There is a conjecture that the corona is heated by the effect of the magnetic field but it remains to be validated. The corona is witness to high energy outbursts of energy called solar flares, which stretch for distances greater than many Earth radii and last for many hours.
Their temperatures have been recorded to be close to 11 million Kelvins. In the image above, you can see a large solar flare, photographed by NASA's SOHO spacecraft.
Other observed phenomena in the corona are masses of ejected gases called prominences. Corona can only be observed clearly during solar eclipses when the photosphere is blocked out by the Moon.

Solar Wind

Outside the corona, the solar gas stretches out in the form of solar wind, which are high energy particles like protons and electrons, that are ejected from the Sun and travel to the edge of the Solar system and beyond.

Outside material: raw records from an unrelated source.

(* Assume the Nemytskii operator $\mathcal G(\boldsymbol\zeta)=\mathbf g(\cdot,\boldsymbol\zeta(\cdot))$ maps $L_t^2(\Gamma)$ into itself with $\|\mathcal G(\boldsymbol\zeta_1)-\mathcal G(\boldsymbol\zeta_2)\|_{L^2(\Gamma)}\le L_g\|\boldsymbol\zeta_1-\boldsymbol\zeta_2\|_{L^2(\Gamma)}$ for all $\boldsymbol\zeta_1,\boldsymbol\zeta_2\in L_t^2(\Gamma)$. If $C_{\rm tr}L_g<1$, then there is a unique $\mathbf E\in\mathbf X(\Omega)$ with $\mathcal A^{\rm tr}(\mathbf E;\mathbf V)=\langle\mathbf F^{\rm tr},\mathbf V\rangle$ for all $\mathbf V\in\mathbf X(\Omega)$, where $$\mathcal A^{\rm tr}(\mathbf E;\mathbf V)=\int_\Omega\big[\mu_r^{-1}(\nabla\times\mathbf E)\cdot(\nabla\times\overline{\mathbf V})-k^2\varepsilon_r\mathbf E\cdot\overline{\mathbf V}\big]d\boldsymbol x-\int_\Gamma\mathbf g(\cdot,\gamma_T\mathbf E)\cdot\gamma_T\overline{\mathbf V}\,ds+ik\langle\Lambda\gamma_t\mathbf E,\gamma_T\overline{\mathbf V}\rangle_{\Gamma_R}.$$
   Context: Let $k>0$, $\varepsilon_0,\mu_0>0$, $\omega>0$. Let $D\subset\mathbb R^3$ be a bounded Lipschitz domain, $\Gamma=\partial D$, $\mathbf n$ the unit normal pointing out of $D$. Let $B_R$ be an open ball with $\overline D\subset B_R$, $\Gamma_R=\partial B_R$, and $\Omega=B_R$. $\mu_r=\mu_D/\mu_0$ in $D$, $=1$ outside; $\varepsilon_r=\varepsilon_0^{-1}(\varepsilon_D+i\sigma_D/\omega)$ in $D$, $=1$ outside, with $\mu_D,\varepsilon_D>0,\sigma_D\ge0$. Incident field $\mathbf E^i=\mathbf p e^{ik\mathbf d\cdot\boldsymbol x}$, $\mathbf d\in\mathbb S^2$, $\mathbf p\cdot\mathbf d=0$. $\gamma_t\mathbf u=\mathbf n\times\mathbf u$, $\gamma_T\mathbf u=\mathbf n\times(\mathbf u\times\mathbf n)$. $\Lambda$ is the electromagnetic Calderón operator on $\Gamma_R$ ($\Lambda\boldsymbol\xi=\gamma_t((ik)^{-1}\nabla\times\mathbf W)$ with $\mathbf W$ radiating solution of $\nabla\times\nabla\times\mathbf W-k^2\mathbf W=0$ outside $\overline{B_R}$, $\gamma_t\mathbf W=\boldsymbol\xi$), and $\langle\cdot,\cdot\rangle_{\Gamma_R}$ the $H^{-1/2}(\operatorname{div}_{\Gamma_R})$–$H^{-1/2}(\operatorname{curl}_{\Gamma_R})$ duality. $L_t^2(\Gamma)$: tangential $L^2$ fields. $\mathbf X(\Omega)=\{\mathbf E\in H(\operatorname{curl};\Omega):\gamma_T\mathbf E|_\Gamma\in L_t^2(\Gamma)\}$ (the common tangential trace on $\Gamma$), with norm $\|\mathbf E\|^2_{H(\operatorname{curl})}+\|\gamma_T\mathbf E\|^2_{L^2(\Gamma)}$. $\langle\mathbf F^{\rm tr},\mathbf V\rangle=\langle ik\Lambda(\gamma_t\mathbf E^i)-\gamma_t(\nabla\times\mathbf E^i),\gamma_T\overline{\mathbf V}\rangle_{\Gamma_R}$. $\mathbf g:\Gamma\times\mathbb C^3\to\mathbb C^3$ Carathéodory and tangential. Standing fact: with $\langle\mathscr A_l^{\rm tr}\mathbf E,\mathbf V\rangle=\int_\Omega[\mu_r^{-1}(\nabla\times\mathbf E)\cdot(\nabla\times\overline{\mathbf V})-k^2\varepsilon_r\mathbf E\cdot\overline{\mathbf V}]d\boldsymbol x+ik\langle\Lambda\gamma_t\mathbf E,\gamma_T\overline{\mathbf V}\rangle_{\Gamma_R}$, for every $\mathbf f\in L_t^2(\Gamma)$ the problem $\langle\mathscr A^{\rm tr}_l\mathbf E,\mathbf V\rangle=\langle\mathbf F^{\rm tr},\mathbf V\rangle+\int_\Gamma\mathbf f\cdot\gamma_T\overline{\mathbf V}ds$ $\forall\mathbf V\in\mathbf X(\Omega)$ has a unique solution in $\mathbf X(\Omega)$, and solutions for data $\mathbf f_1,\mathbf f_2$ satisfy $\|\mathbf E_1-\mathbf E_2\|_{\mathbf X(\Omega)}\le C_{\rm tr}\|\mathbf f_1-\mathbf f_2\|_{L^2(\Gamma)}$. *)

From HB Require Import structures.
From mathcomp Require Import all_boot all_order all_algebra.
From mathcomp Require Import all_classical all_reals all_analysis.
From mathcomp.real_closed Require Import complex.
Import numFieldNormedType.Exports.
Set Implicit Arguments. Unset Strict Implicit. Unset Printing Implicit Defensive.
Import Order.TTheory GRing.Theory Num.Theory.
Local Open Scope ring_scope.

Section Defs.
Variable R : realType.
(* X = X(Omega) (complete, norm = X(Omega)-norm), Y = L_t^2(Gamma). *)
Variables (X Y : completeNormedModType R).

(* The norm of X(Omega): ||E||_X^2 = ||E||_{H(curl)}^2 + ||gamma_T E||_{L^2(Gamma)}^2. *)
Definition Xnorm_splits (gT : X -> Y) : Prop :=
  exists nHcurl : X -> R, forall E, `|E| ^+ 2 = nHcurl E ^+ 2 + `|gT E| ^+ 2.

(* Boundary pairing  int_Gamma f . gamma_T(conj V) ds  via an abstract
   L^2(Gamma) pairing pY. *)
Definition bdry_pair (pY : Y -> Y -> R[i]) (gT : X -> Y) (f : Y) (V : X) : R[i] :=
  pY f (gT V).

Definition solves_linear (Al : X -> X -> R[i]) (F : X -> R[i])
  (pY : Y -> Y -> R[i]) (gT : X -> Y) (f : Y) (E : X) : Prop :=
  forall V : X, Al E V = F V + bdry_pair pY gT f V.

Definition linear_wellposed (Al : X -> X -> R[i]) (F : X -> R[i])
  (pY : Y -> Y -> R[i]) (gT : X -> Y) (Ctr : R) : Prop :=
  (forall f : Y, exists! E : X, solves_linear Al F pY gT f E) /\
  (forall (f1 f2 : Y) (E1 E2 : X),
      solves_linear Al F pY gT f1 E1 -> solves_linear Al F pY gT f2 E2 ->
      `|E1 - E2| <= Ctr * `|f1 - f2|).

(* Nonlinear form A^tr(E;V) = <A_l E, V> - int_Gamma g(., gamma_T E) . gamma_T(conj V) ds,
   with G the Nemytskii operator of g. *)
Definition A_tr (Al : X -> X -> R[i]) (pY : Y -> Y -> R[i]) (gT : X -> Y)
  (G : Y -> Y) (E V : X) : R[i] :=
  Al E V - bdry_pair pY gT (G (gT E)) V.

Definition lipschitz_with (G : Y -> Y) (Lg : R) : Prop :=
  forall z1 z2 : Y, `|G z1 - G z2| <= Lg * `|z1 - z2|.

End Defs.

From HB Require Import structures.
From mathcomp Require Import all_boot all_order all_algebra.
From mathcomp Require Import all_classical all_reals all_analysis.
From mathcomp.real_closed Require Import complex.
Import numFieldNormedType.Exports.
Import Order.TTheory GRing.Theory Num.Theory.
Local Open Scope ring_scope.

(* E solves the nonlinear problem iff it solves the linear one with boundary
   datum G (gT E), i.e. iff E is a fixed point of S \o G \o gT, where S is the
   solution map of the linear problem.  S is Ctr-Lipschitz by the stability
   estimate, G is Lg-Lipschitz, and the trace gT is 1-Lipschitz because the
   X-norm dominates the L^2 norm of the trace; so the composite is a
   contraction and Banach's fixed point theorem applies. *)

Section lipschitz_constants.
Context {R : realFieldType} {U V W : normedModType R}.

Lemma lipschitz_max0 {f : U -> V} {k : R} :
  (forall x y, `|f x - f y| <= k * `|x - y|) ->
  forall x y, `|f x - f y| <= Num.max k 0 * `|x - y|.
Proof.
move=> fk x y; apply: le_trans (fk x y) _.
by rewrite ler_wpM2r // le_max lexx.
Qed.

Lemma lipschitz_comp {f : V -> W} {g : U -> V} {k l : R} : 0 <= k ->
  (forall x y, `|f x - f y| <= k * `|x - y|) ->
  (forall x y, `|g x - g y| <= l * `|x - y|) ->
  forall x y, `|f (g x) - f (g y)| <= k * l * `|x - y|.
Proof.
move=> k0 fk gl x y; apply: le_trans (fk _ _) _.
by rewrite -mulrA ler_wpM2l.
Qed.

End lipschitz_constants.

Lemma mul_max0_lt1 {R : realDomainType} {a b : R} :
  a * b < 1 -> Num.max a 0 * Num.max b 0 < 1.
Proof.
have [a0|a0] := leP 0 a; have [b0|b0] := leP 0 b;
  by rewrite ?(max_idPl a0) ?(max_idPl b0) ?max_r ?ltW ?mul0r ?mulr0 ?ltr01.
Qed.

Lemma contraction_exists_unique_fixpoint {R : realType}
    {X : completeNormedModType R} {T : X -> X} {q : R} : q < 1 ->
  (forall x y, `|T x - T y| <= q * `|x - y|) -> exists! x, T x = x.
Proof.
move=> q1 Tq; have q0 : 0 <= Num.max q 0 by rewrite le_max lexx orbT.
have ctrT : is_contraction (totalfun_ setT T : {fun [set: X] >-> [set: X]}).
  exists (NngNum q0); split; first by rewrite gt_max q1 ltr01.
  by case=> x y _; exact: lipschitz_max0.
have [x _ Tx] := banach_fixed_point ctrT closedT (ex_intro _ 0 I).
exists x; split=> [|y Ty]; first exact: esym Tx.
exact: contraction_fixpoint_unique ctrT I I Tx (esym Ty).
Qed.

Section linear_problem.
Context {R : realType} {X Y : completeNormedModType R}.
Context {Al : X -> X -> R[i]} {F : X -> R[i]} {pY : Y -> Y -> R[i]}.
Context {gT : X -> Y}.

Lemma Xnorm_splits_trace_le : Xnorm_splits gT -> forall E, `|gT E| <= `|E|.
Proof.
move=> [nHcurl nE] E.
by rewrite -ler_sqr ?nnegrE // nE lerDr sqr_ge0.
Qed.

Lemma A_tr_solves_linearE (G : Y -> Y) (E : X) :
  (forall V, A_tr Al pY gT G E V = F V) <->
  solves_linear Al F pY gT (G (gT E)) E.
Proof.
rewrite /A_tr; split=> sol V; have := sol V.
  by move=> <-; rewrite subrK.
by move=> ->; rewrite addrK.
Qed.

Lemma linear_wellposed_solution_map {Ctr : R} :
  linear_wellposed Al F pY gT Ctr ->
  exists S : Y -> X,
    (forall f E, solves_linear Al F pY gT f E <-> E = S f) /\
    (forall f1 f2, `|S f1 - S f2| <= Ctr * `|f1 - f2|).
Proof.
move=> [uniq_sol stab].
pose S f := proj1_sig (cid (uniq_sol f)).
have solS f : solves_linear Al F pY gT f (S f) by rewrite /S; case: cid => ? [].
exists S; split=> [f E|f1 f2]; last exact: stab.
split=> [solE|->] //; have [E' [_ uniqE']] := uniq_sol f.
by rewrite -(uniqE' _ solE) (uniqE' _ (solS f)).
Qed.

End linear_problem.

Theorem corollary2p4 (R : realType) (X Y : completeNormedModType R)
  (gT : X -> Y) (Al : X -> X -> R[i]) (F : X -> R[i]) (pY : Y -> Y -> R[i])
  (G : Y -> Y) (Ctr Lg : R) :
  (forall E1 E2 : X, gT (E1 - E2) = gT E1 - gT E2) ->
  Xnorm_splits gT ->
  linear_wellposed Al F pY gT Ctr ->
  lipschitz_with G Lg ->
  Ctr * Lg < 1 ->
  exists! E : X, forall V : X, A_tr Al pY gT G E V = F V.
Proof.
move=> gTB /Xnorm_splits_trace_le gT_le wellposed lipG CLg1.
have [S [solS lipS]] := linear_wellposed_solution_map wellposed.
(* Neither [Ctr] nor [Lg] is assumed nonnegative: clip both at 0. *)
have lipGgT x y : `|G (gT x) - G (gT y)| <= Num.max Lg 0 * `|x - y|.
  apply: le_trans (lipschitz_max0 lipG (gT x) (gT y)) _.
  by rewrite ler_wpM2l ?le_max ?lexx ?orbT // -gTB gT_le.
have Ctr0 : 0 <= Num.max Ctr 0 by rewrite le_max lexx orbT.
have lipT := lipschitz_comp Ctr0 (lipschitz_max0 lipS) lipGgT.
have [E [fixE uniqE]] :=
  contraction_exists_unique_fixpoint (mul_max0_lt1 CLg1) lipT.
have solE E' : (forall V, A_tr Al pY gT G E' V = F V) <-> S (G (gT E')) = E'.
  by rewrite A_tr_solves_linearE solS; split=> /esym.
by exists E; split=> [|E' /solE /uniqE]; first exact/solE.
Qed.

On Earth, we are shielded from these high energy particles, traveling at speeds in excess of 500 m/s, by the Earth's magnetic field, which traps these particles. The point at which the reach of solar wind ends is called the heliopause. This point is not exactly known, as it extends far beyond the farthest frontiers of our solar system.
To think of it, despite its gigantic size and overwhelming energy output, Sun is only an average dwarf star, compared to other stars in our galaxy.
The single parameter that dictates the energy output and internal structure of a star is its initial mass. Massive stars have short but very eventful lives, while low mass stars like our Sun have a comparatively uneventful life and last longer. They act as centers of planetary systems and sustain life that may eventually develop on blue dots like our Earth.